--- PROVIDED DATA Enclosed Below ---

From mathcomp Require Import all_boot all_order all_algebra.
From mathcomp Require Import ring zify.
Set Implicit Arguments. Unset Strict Implicit. Unset Printing Implicit Defensive.
Import Order.TTheory GRing.Theory Num.Theory.
Local Open Scope ring_scope.

(* The Smith form of [L - eta] yields a unimodular integer matrix [W] whose rows
   in a set [Z] are left eta-eigenvectors of [L] spanning the eigenspace; as [L]
   is symmetric, [#|Z|] is at least the multiplicity of [eta].  If
   [U L V = diag d], every such row [x] satisfies [(x U^-1)_j d_j = eta (x V)_j].
   When [p^i | eta], the entries [(x U^-1)_j] with [p^i] not dividing [d_j] are
   divisible by [p]; when [p^i] exactly divides [eta], so are the entries
   [(x V)_j] with [p^(i+1) | d_j].  Rows of a unimodular matrix remain
   independent modulo [p], so [#|Z|] is at most the number of remaining columns:
   [1 + sum_(j >= i) e_j] (connectedness allows at most one [d_j = 0]), resp.
   [sum_(j <= i) e_j]. *)

Lemma mxrank_le_support (F : fieldType) m n (A : 'M[F]_(m, n)) (S : {set 'I_n}) :
  (forall r j, j \notin S -> A r j = 0) -> (\rank A <= #|S|)%N.
Proof.
move=> A_supp; pose f (i : 'I_#|S|) := enum_val i.
suff -> : A = colsub f A *m rowsub f 1%:M.
  exact: leq_trans (mxrankM_maxl _ _) (rank_leq_col _).
apply/matrixP => r j; rewrite !mxE.
have [jS | jNS] := boolP (j \in S); last first.
  rewrite A_supp // big1 // => i _; rewrite !mxE.
  by case: eqP => [fij | _]; rewrite ?mulr0 //; rewrite -fij enum_valP in jNS.
rewrite (bigD1 (enum_rank_in jS j)) //= !mxE /f enum_rankK_in // eqxx mulr1.
rewrite big1 ?addr0 // => i ne_i; rewrite !mxE.
case: eqP => [fij | _]; rewrite ?mulr0 //.
by move: ne_i; rewrite -{2}fij /f enum_valK_in eqxx.
Qed.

--- End of Enclosed PROVIDED DATA ---

● EXERCISE DIRECTIONS: Write out, word for word, the line containing "exact: leq_trans (mxrankM_maxl" and all the lines after it in the entries above, and nothing more.

● RESULT:
  exact: leq_trans (mxrankM_maxl _ _) (rank_leq_col _).
apply/matrixP => r j; rewrite !mxE.
have [jS | jNS] := boolP (j \in S); last first.
  rewrite A_supp // big1 // => i _; rewrite !mxE.
  by case: eqP => [fij | _]; rewrite ?mulr0 //; rewrite -fij enum_valP in jNS.
rewrite (bigD1 (enum_rank_in jS j)) //= !mxE /f enum_rankK_in // eqxx mulr1.
rewrite big1 ?addr0 // => i ne_i; rewrite !mxE.
case: eqP => [fij | _]; rewrite ?mulr0 //.
by move: ne_i; rewrite -{2}fij /f enum_valK_in eqxx.
Qed.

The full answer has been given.